Measured in decibels (dB), insertion loss is one of the performance parameters that is actually measured in both copper and fiber certification testing, but there are key differences between the two.
Let's take a closer look.
Fiber exhibits much less insertion loss than copper, which is why it is used for greater distances and long-haul backbone applications. For example, multimode fiber loses only about 3% of its original signal strength over a 100-meter distance while a Category 6A copper cable loses about 94% of its signal strength over the same distance.
Another key difference is that insertion loss over copper changers with the frequency of the signal--copper links exhibit more insertion loss for higher frequency signals. For example, the maximum allowed insertion loss for Category 5e specified to 100MHz is around 22dB at 100MHz while Category 6 specified to 250MHz is a little over 32dB.
In copper cabling, attenuation is also largely dependent upon the gauge of wire--23 AWG wires will have less attenuation than the same length 24 AWG (thinner) wires. Wire gauges have therefore increased for higher frequency applications with Category 5e typically at 24AWG and Category 6A at 22 or 23AWG. That's also why some of the new popular thinner 28AWG cable require shorter distances to compensate for the increased loss.
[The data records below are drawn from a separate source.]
Lemma exists_geometric_between_clamp lo r a b k : 0 < lo -> 1 <= r <= a -> 0 < b ->
  exists b', 0 < b' /\
    forall l, (l <= k)%nat -> between (b * a ^ l) (clamp lo (lo * r) (b * a ^ l)) (b' * r ^ l).
Proof.
  intros Hlo [Hr Hra] Hb.
  assert (Hrl : forall l, 0 < r ^ l) by (intros; apply pow_lt; lra).
  set (x l := b * a ^ l / r ^ l). set (y l := clamp lo (lo * r) (b * a ^ l) / r ^ l).
  assert (Hclamp : forall l, lo <= clamp lo (lo * r) (b * a ^ l) <= lo * r)
    by (intros; apply clamp_between; nra).
  destruct (between_common_point x y k) as [z Hz].
  - intros l l' Hll. unfold x, Rdiv. rewrite !Rmult_assoc, <- !pow_inv, <- !Rpow_mult_distr.
    apply Rmult_le_compat_l; [lra|]. apply Rle_pow; [|exact Hll].
    apply (Rmult_le_reg_r r); [lra|]. rewrite Rmult_assoc, Rinv_l by lra. lra.
  - intros l l' Hll. unfold y.
    destruct (Hclamp l) as [Hl _]. destruct (Hclamp l') as [_ Hl'].
    destruct l' as [|l'']; [lia|].
    assert (r ^ l <= r ^ l'') by (apply Rle_pow; [lra | lia]).
    pose proof (Hrl l). pose proof (Hrl l'').
    apply (Rle_trans _ (lo / r ^ l'')).
    + simpl. replace (lo / r ^ l'') with (lo * r / (r * r ^ l'')) by (field; repeat split; lra).
      unfold Rdiv. apply Rmult_le_compat_r; [left; apply Rinv_0_lt_compat; nra | exact Hl'].
    + apply (Rle_trans _ (lo / r ^ l)).
      * unfold Rdiv. apply Rmult_le_compat_l; [lra|]. apply Rinv_le_contravar; lra.
      * unfold Rdiv. apply Rmult_le_compat_r; [left; apply Rinv_0_lt_compat|]; lra.
  - assert (Hx0 : 0 < x O).
    { unfold x. apply Rdiv_lt_0_compat; [apply Rmult_lt_0_compat; [|apply pow_lt] | apply Hrl];
        lra. }
    assert (Hy0 : 0 < y O).
    { unfold y. destruct (Hclamp O). apply Rdiv_lt_0_compat; [lra | apply Hrl]. }
    exists z. split.
    + destruct (Hz O (Nat.le_0_l k)) as [Hmin _]. pose proof (Rmin_glb_lt _ _ _ Hx0 Hy0). lra.
    + intros l Hl. pose proof (between_scale _ _ _ (r ^ l) (Hrl l) (Hz l Hl)) as Hs.
      assert (Hrl0 : r ^ l <> 0) by (specialize (Hrl l); lra).
      unfold x, y in Hs.
      replace (b * a ^ l / r ^ l * r ^ l) with (b * a ^ l) in Hs by (field; exact Hrl0).
      replace (clamp lo (lo * r) (b * a ^ l) / r ^ l * r ^ l)
        with (clamp lo (lo * r) (b * a ^ l)) in Hs by (field; exact Hrl0).
      exact Hs.
Qed.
Also, stranded cabling exhibits 20-50% more attenuation than solid copper conductors, which is why solid conductors are used for the longer permanent link portion of a copper channel and stranded conductors are limited to shorter patch cords.
For copper cabling, attenuation can also be related to temperature. Higher temperatures cause more attenuation in all cables, which is why standards specify maximum operating temperatures for copper cabling or require length de-rating for hotter operating environments.
What's the Same?
While different factors impact insertion loss in copper and fiber, regardless of the media, excessive length and bad connections are the two main causes. This drives home the need to follow the standards requirements on length and ensure quality workmanship for both copper and fiber terminations.
For copper, the clue to a bad connection is if insertion loss is higher on only one or two pairs of a 4-pair connection. Fluke Networks' DSX-5000 CableAnalyzer shows insertion loss traces for all four pairs of cable and each should be below the limit line. If all pairs are virtually equal, check for excess length.
For fiber, poor alignment of fiber cores in connectors or splices can cause insertion loss, as well as air gaps and end face contamination. Again, an issue that is directly related to workmanship during the termination process.
Basic fiber testing, known as Tier 1 certification, measures insertion loss of the entire link. If the link fails insertion loss testing, the use of an Optical Time Domain Reflectometer (OTDR), known as Tier 2 certification, provides insight into the loss of specific connection points and length of the cable.